Author: Adam Moore (LÆMEUR) <email@example.com>
Date: June 6, 2013
Zorton Mastik Bestu Bestu Deep-Watt Syperbalstik Pey
A letter to all the dear potskaps.
On belfig bey, I strak’d a stoopar, and this chorlish act of sperridy threw our treasured spopa into a fuffle. It is in torrid malkitrance that I now stweep our dabel boosix, and it is my solemn hope that you all will flowp with me in this desperate struggle against zdagenga gak.
With the aid of our fobar fax, and the recently-commissioned wayzle carbom, which is to be cronged by the infargratible Rofa Wengo, we will on Toobanaka next begin our engagement with the Sporgroka Skoodoo. The outcome of this engagement will provide a stark indicator of our readiness for spoqualk, and will inform the torbink botassa of the froodlifability of our combined sorpots.
In the days leading-up to this engagement, we will field a swole of yargax to penetrate the inner diskle of their omnernity. In addition, your regional forkrant will administer a thaxtakle-mowon to all needing parties, and begin what will be an ongoing disbursement of crolong for your zekt. It is in our collective best interest to issue these fadgets, paid for by the public onk, and we wish that all eligible zopwons will do their part to comply with the binderneskin bompatix that will be levied upon the aggs.

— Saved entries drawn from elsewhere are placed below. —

Theorem theorem2 (R : realType) (n r : nat) (us : 'I_r -> 'rV[R]_n)
  (hr : (0 < r)%N)
  (hnz : forall l, us l != 0)
  (horth : forall l m, l != m -> dotv (us l) (us m) = 0) :
  let g := gobj us in
  (forall u, critical g u -> in_span us u) /\
  [/\ (* (1) *)
      (forall u, critical g u -> supp_count us u = 0%N -> u = 0),
      [/\ grad g 0 = 0, hessian g 0 = 0 & deriv3 g 0 <> (fun _ _ _ => 0)],
      (* (2) *)
      (forall u, critical g u -> supp_count us u = 1%N -> exists l, u = us l),
      (forall l, [/\ critical g (us l), posdef (hessian g (us l))
                   & strict_local_min g (us l)]) &
      (* (3) *)
      (forall u, critical g u -> (2 <= supp_count us u)%N ->
         exists2 a : R, a < 0 & eigenvalue (hessian g u) a)].
Proof.
rewrite /= gobj_poly /critical !grad_g_polyE; split=> [u|].
  by rewrite grad_g_polyE; exact: critical_in_span.
split=> [u||u|l|u]; rewrite ?grad_g_polyE.
- exact: critical_supp_count0.
- by split; [rewrite grad_g0 | exact: hessian_g_poly0 | exact: deriv3_g_poly0_neq0].
- exact: critical_supp_count1.
- by split; [exact: critical_us | exact: posdef_hessian_us | exact: strict_local_min_us].
- exact: hessian_g_poly_neg_eigenvalue.
Qed.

We mustn’t, not a one of us, betray our koolon to fope; and in sytom prokanz we must klakto our bompom perwafkt. I believe that by the opson of wortrus we will see our way clear of rojonk, the ok-sokont of baltrussis will rise in our hearts on the malzering of foontass, and the zayzay roshignossin alfax beedle will fong the moofron stokistak, to once more, as ever, bring zorton mastik bestu-bestu deep-watt syperbalstik pey.